Assert that a path exists and is readable:

>>> tmp_dir = Path(getfixture("tmp_path"))
>>> path_flat: Path = tmp_dir / "example.txt"
>>> fio.assert_path_is_readable(path_flat)  
Traceback (most recent call last):
    ...
AssertionError: Cannot read non-existent path: ...

Write to and read from path:

>>> path_flat = tmp_dir / "example.txt"
>>> path_compressed = tmp_dir / "example.txt.gz"
>>> write_lines(path=path_flat, lines_to_write=["flat file", 10])
>>> write_lines(path=path_compressed, lines_to_write=["gzip file", 10])
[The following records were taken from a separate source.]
(* an interior node is a split, a turn, a coalescence or a crossing *)
Definition interior_node_ok (p : point R) : Prop :=
  (in_S p <= 1)%N /\ (in_W p <= 1)%N /\ (out_N p <= 1)%N /\ (out_E p <= 1)%N /\
  (1 <= in_S p + in_W p)%N /\ (1 <= out_N p + out_E p)%N /\
  ~ [/\ in_S p = 1%N, out_N p = 1%N, in_W p = 0%N & out_E p = 0%N] /\
  ~ [/\ in_W p = 1%N, out_E p = 1%N, in_S p = 0%N & out_N p = 0%N].

Definition is_drawing : Prop :=
  0 < a /\ 0 < b /\
      (forall i, is_vertical (e i) \/ is_horizontal (e i)) /\
      (forall i, in_box (e i).1 /\ in_box (e i).2) /\
      (forall i, ~ interior (e i).1 -> (e i).1.2 = 0 \/ (e i).1.1 = 0) /\
      (forall i, ~ interior (e i).2 -> (e i).2.2 = b \/ (e i).2.1 = a) /\
      (forall p, interior p -> is_node p -> interior_node_ok p).

Definition kirchhoff (s : 'rV[R]_ell) : Prop :=
  forall p : point R, interior p ->
    \sum_(i | (e i).2 == p) s 0 i = \sum_(i | (e i).1 == p) s 0 i.

Definition proj (d : nat) (tau : 'I_d -> 'I_ell) (s : 'rV[R]_ell) : 'rV[R]_d :=
  \row_j s 0 (tau j).

Definition is_parametrization (d : nat) (tau : 'I_d -> 'I_ell) : Prop :=
  injective tau /\
  forall v : 'rV[R]_d, exists! s : 'rV[R]_ell, kirchhoff s /\ proj tau s = v.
Read lines from a path into a generator:

>>> lines = read_lines(path=path_flat)
>>> next(lines)
'flat file'
>>> next(lines)
'10'
>>> lines = read_lines(path=path_compressed)
>>> next(lines)
'gzip file'
>>> next(lines)
'10'

Functions

assert_directory_exists

assert_directory_exists(path: Path) -> None

Asserts that a path exist and is a directory

Parameters:

Name Type Description Default
path Path

Path to check

required
Example

assert_directory_exists(path = Path("/example/directory/"))

Source code in fgpyo/io/__init__.py
def assert_directory_exists(path: Path) -> None:
    """Asserts that a path exist and is a directory

    Args:
        path: Path to check

    Example:
        assert_directory_exists(path = Path("/example/directory/"))
    """
    assert path.exists(), f"Path does not exist: {path}"
    assert path.is_dir(), f"Path exists but is not a directory: {path}"

assert_fasta_indexed

assert_fasta_indexed(fasta: Path, /, dictionary: bool = False, bwa: bool = False) -> None

Verify that a FASTA is readable and has the expected index files.
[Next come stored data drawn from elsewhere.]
(* Let $(\mathfrak g,D)$ be a difference Lie algebra over $\mathbb R$. Then the map sending an infinitesimal deformation generated by $(\hat\omega,\hat D)$ to the class $[(\hat\omega,\hat D)]$ induces a bijection between equivalence classes of infinitesimal deformations of $(\mathfrak g,D)$ and the second regular cohomology group $\mathcal H^2(\mathfrak g,D)$.
   Context: A difference Lie algebra $(\mathfrak g,D)$: a Lie algebra $\mathfrak g$ with linear $D$ satisfying $D[x,y]=[x,D(y)]-[y,D(x)]+[D(x),D(y)]$. On $\mathbb R[t]/(t^2)\otimes\mathfrak g$ extend the bracket bilinearly and $D$ linearly over $\mathbb R[t]/(t^2)$. Linear maps $\hat\omega:\wedge^2\mathfrak g\to\mathfrak g$, $\hat D:\mathfrak g\to\mathfrak g$ generate an infinitesimal deformation if $[\cdot,\cdot]_t=[\cdot,\cdot]+t\hat\omega$ is a Lie bracket on $\mathbb R[t]/(t^2)\otimes\mathfrak g$ and $D_t=D+t\hat D$ is a difference operator for it. Two infinitesimal deformations $([\cdot,\cdot]^1_t,D^1_t)$, $([\cdot,\cdot]^2_t,D^2_t)$ are equivalent if there is $N\in\mathrm{Hom}(\mathfrak g,\mathfrak g)$ such that $\varphi_t=\mathrm{Id}+tN$ satisfies $\varphi_t[x,y]^1_t=[\varphi_tx,\varphi_ty]^2_t$ for all $x,y\in\mathfrak g$ and $D^2_t\circ\varphi_t=\varphi_t\circ D^1_t$ as $\mathbb R[t]/(t^2)$-module maps. Regular cohomology: $C^1(\mathfrak g,D)=\mathrm{Hom}(\mathfrak g,\mathfrak g)$, $C^n(\mathfrak g,D)=\mathrm{Hom}(\wedge^n\mathfrak g,\mathfrak g)\oplus\mathrm{Hom}(\wedge^{n-1}\mathfrak g,\mathfrak g)$ ($n\ge2$), $\bar\delta(f,\theta)=(d^{CE}_{\mathrm{ad}}f,d^{CE}_{\mathrm{ad}_D}\theta+T(f))$ (for $n=1$, $\bar\delta f=(d^{CE}_{\mathrm{ad}}f,T(f))$), where $d^{CE}_{\mathrm{ad}}$, $d^{CE}_{\mathrm{ad}_D}$ are Chevalley–Eilenberg differentials with coefficients in the adjoint representation and in $\mathrm{ad}_D(x)u=[x,u]+[D(x),u]$, and $T(f)(x_1,\dots,x_n)=(-1)^n\big(\sum_{k=1}^n\sum_{1\le i_1<\cdots<i_k\le n}f(y_1,\dots,y_n)-D(f(x_1,\dots,x_n))\big)$ with $y_j=D(x_j)$ for $j\in\{i_1,\dots,i_k\}$, $y_j=x_j$ otherwise. $\mathcal H^n(\mathfrak g,D)$ is the $n$-th cohomology of this complex. *)

From HB Require Import structures.
From mathcomp Require Import all_boot all_algebra.
From mathcomp Require Import reals.
Set Implicit Arguments.
Unset Strict Implicit.
Unset Printing Implicit Defensive.
Import GRing.Theory.
Local Open Scope ring_scope.

Section Defs.
Variables (R : realType) (V : lmodType R).

Definition is_linear (f : V -> V) : Prop :=
  forall (a : R) (x y : V), f (a *: x + y) = a *: f x + f y.

Definition is_bilinear (b : V -> V -> V) : Prop :=
  (forall x, is_linear (b x)) /\ (forall y, is_linear (fun x => b x y)).

Definition alt2 (b : V -> V -> V) : Prop :=
  is_bilinear b /\ (forall x, b x x = 0).

Definition is_lie_bracket (br : V -> V -> V) : Prop :=
  alt2 br /\
  (forall x y z, br x (br y z) + br y (br z x) + br z (br x y) = 0).

Definition diff_op (br : V -> V -> V) (D : V -> V) : Prop :=
  is_linear D /\
  forall x y, D (br x y) = br x (D y) - br y (D x) + br (D x) (D y).

Definition diff_lie (br : V -> V -> V) (D : V -> V) : Prop :=
  is_lie_bracket br /\ diff_op br D.

(* ---------- R[t]/(t^2) (x) g, modelled as pairs (a, b) = a + t b ---------- *)
(* dual numbers r + t s act by (r + t s)(a + t b) = r a + t (r b + s a) *)
Definition dscale (r s : R) (X : V * V) : V * V :=
  (r *: X.1, r *: X.2 + s *: X.1).
Definition dadd (X Y : V * V) : V * V := (X.1 + Y.1, X.2 + Y.2).

Definition dlinear (f : V * V -> V * V) : Prop :=
  forall r s X Y, f (dadd (dscale r s X) Y) = dadd (dscale r s (f X)) (f Y).

(* [.,.]_t = [.,.] + t om, extended bilinearly over R[t]/(t^2) *)
Definition brt (br om : V -> V -> V) (X Y : V * V) : V * V :=
  (br X.1 Y.1, br X.1 Y.2 + br X.2 Y.1 + om X.1 Y.1).

(* D_t = D + t Dh, extended linearly over R[t]/(t^2) *)
Definition Dt (D Dh : V -> V) (X : V * V) : V * V :=
  (D X.1, D X.2 + Dh X.1).

Definition dual_lie_bracket (B : V * V -> V * V -> V * V) : Prop :=
  (forall X, dlinear (B X)) /\ (forall Y, dlinear (fun X => B X Y)) /\
  (forall X, B X X = (0, 0)) /\
  (forall X Y Z, dadd (dadd (B X (B Y Z)) (B Y (B Z X))) (B Z (B X Y)) = (0, 0)).

Definition dual_diff_op (B : V * V -> V * V -> V * V) (E : V * V -> V * V) : Prop :=
  dlinear E /\
  forall X Y, E (B X Y) =
    dadd (dadd (B X (E Y)) (dscale (-1) 0 (B Y (E X)))) (B (E X) (E Y)).

Definition inf_deformation (br : V -> V -> V) (D : V -> V)
    (om : V -> V -> V) (Dh : V -> V) : Prop :=
  alt2 om /\ is_linear Dh /\
  dual_lie_bracket (brt br om) /\ dual_diff_op (brt br om) (Dt D Dh).

(* phi_t = Id + t N, extended linearly *)
Definition phit (N : V -> V) (X : V * V) : V * V := (X.1, X.2 + N X.1).

Definition equiv_deformation (br : V -> V -> V) (D : V -> V)
    (om1 : V -> V -> V) (Dh1 : V -> V) (om2 : V -> V -> V) (Dh2 : V -> V) : Prop :=
  exists N : V -> V, is_linear N /\
    (forall x y : V, phit N (brt br om1 (x, 0) (y, 0)) =
                     brt br om2 (phit N (x, 0)) (phit N (y, 0))) /\
    (forall X : V * V, Dt D Dh2 (phit N X) = phit N (Dt D Dh1 X)).

Definition adD (br : V -> V -> V) (D : V -> V) (x u : V) : V := br x u + br (D x) u.

Definition dCE1 (br : V -> V -> V) (rho : V -> V -> V) (f : V -> V) (x y : V) : V :=
  rho x (f y) - rho y (f x) - f (br x y).
Definition dCE2 (br : V -> V -> V) (rho : V -> V -> V) (f : V -> V -> V) (x y z : V) : V :=
  rho x (f y z) - rho y (f x z) + rho z (f x y)
  - f (br x y) z + f (br x z) y - f (br y z) x.

Definition T1 (D : V -> V) (f : V -> V) (x : V) : V :=
  - (f (D x) - D (f x)).
Definition T2 (D : V -> V) (f : V -> V -> V) (x y : V) : V :=
  f (D x) y + f x (D y) + f (D x) (D y) - D (f x y).

Definition cochain2 (om : V -> V -> V) (th : V -> V) : Prop :=
  alt2 om /\ is_linear th.

(* 2-cocycles: \bar\delta (om, th) = (d_ad om, d_adD th + T om) = 0 *)
Definition cocycle2 (br : V -> V -> V) (D : V -> V) (om : V -> V -> V) (th : V -> V) : Prop :=
  cochain2 om th /\
  (forall x y z, dCE2 br br om x y z = 0) /\
  (forall x y, dCE1 br (adD br D) th x y + T2 D om x y = 0).

(* cohomologous 2-cochains: difference is \bar\delta N = (d_ad N, T N), N in C^1 *)
Definition cohomologous (br : V -> V -> V) (D : V -> V)
    (om1 : V -> V -> V) (th1 : V -> V) (om2 : V -> V -> V) (th2 : V -> V) : Prop :=
  exists N : V -> V, is_linear N /\
    (forall x y, om1 x y - om2 x y = dCE1 br br N x y) /\
    (forall x, th1 x - th2 x = T1 D N x).

End Defs.

From mathcomp Require Import all_boot all_algebra.
From mathcomp Require Import reals.
Set Implicit Arguments.
Unset Strict Implicit.
Unset Printing Implicit Defensive.
Import GRing.Theory.
Local Open Scope ring_scope.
The existence of the FASTA index generated by samtools faidx will always be verified. The existence of the index files generated by samtools dict and bwa index may be optionally verified.

Parameters:

Name Type Description Default
fasta Path

Path to the FASTA file.

required
dictionary bool

If True, check for the index file generated by samtools dict ({fasta}.dict).

False
bwa bool

If True, check for the index files generated by bwa index ({fasta}.{suffix}, for all suffixes in ["amb", "ann", "bwt", "pac", "sa"]).

False

Raises:

Type Description
AssertionError

If the FASTA or any of the expected index files are missing or not readable.

Source code in fgpyo/io/__init__.py
def assert_fasta_indexed(
    fasta: Path,
    /,
    dictionary: bool = False,
    bwa: bool = False,
) -> None:
    """
    Verify that a FASTA is readable and has the expected index files.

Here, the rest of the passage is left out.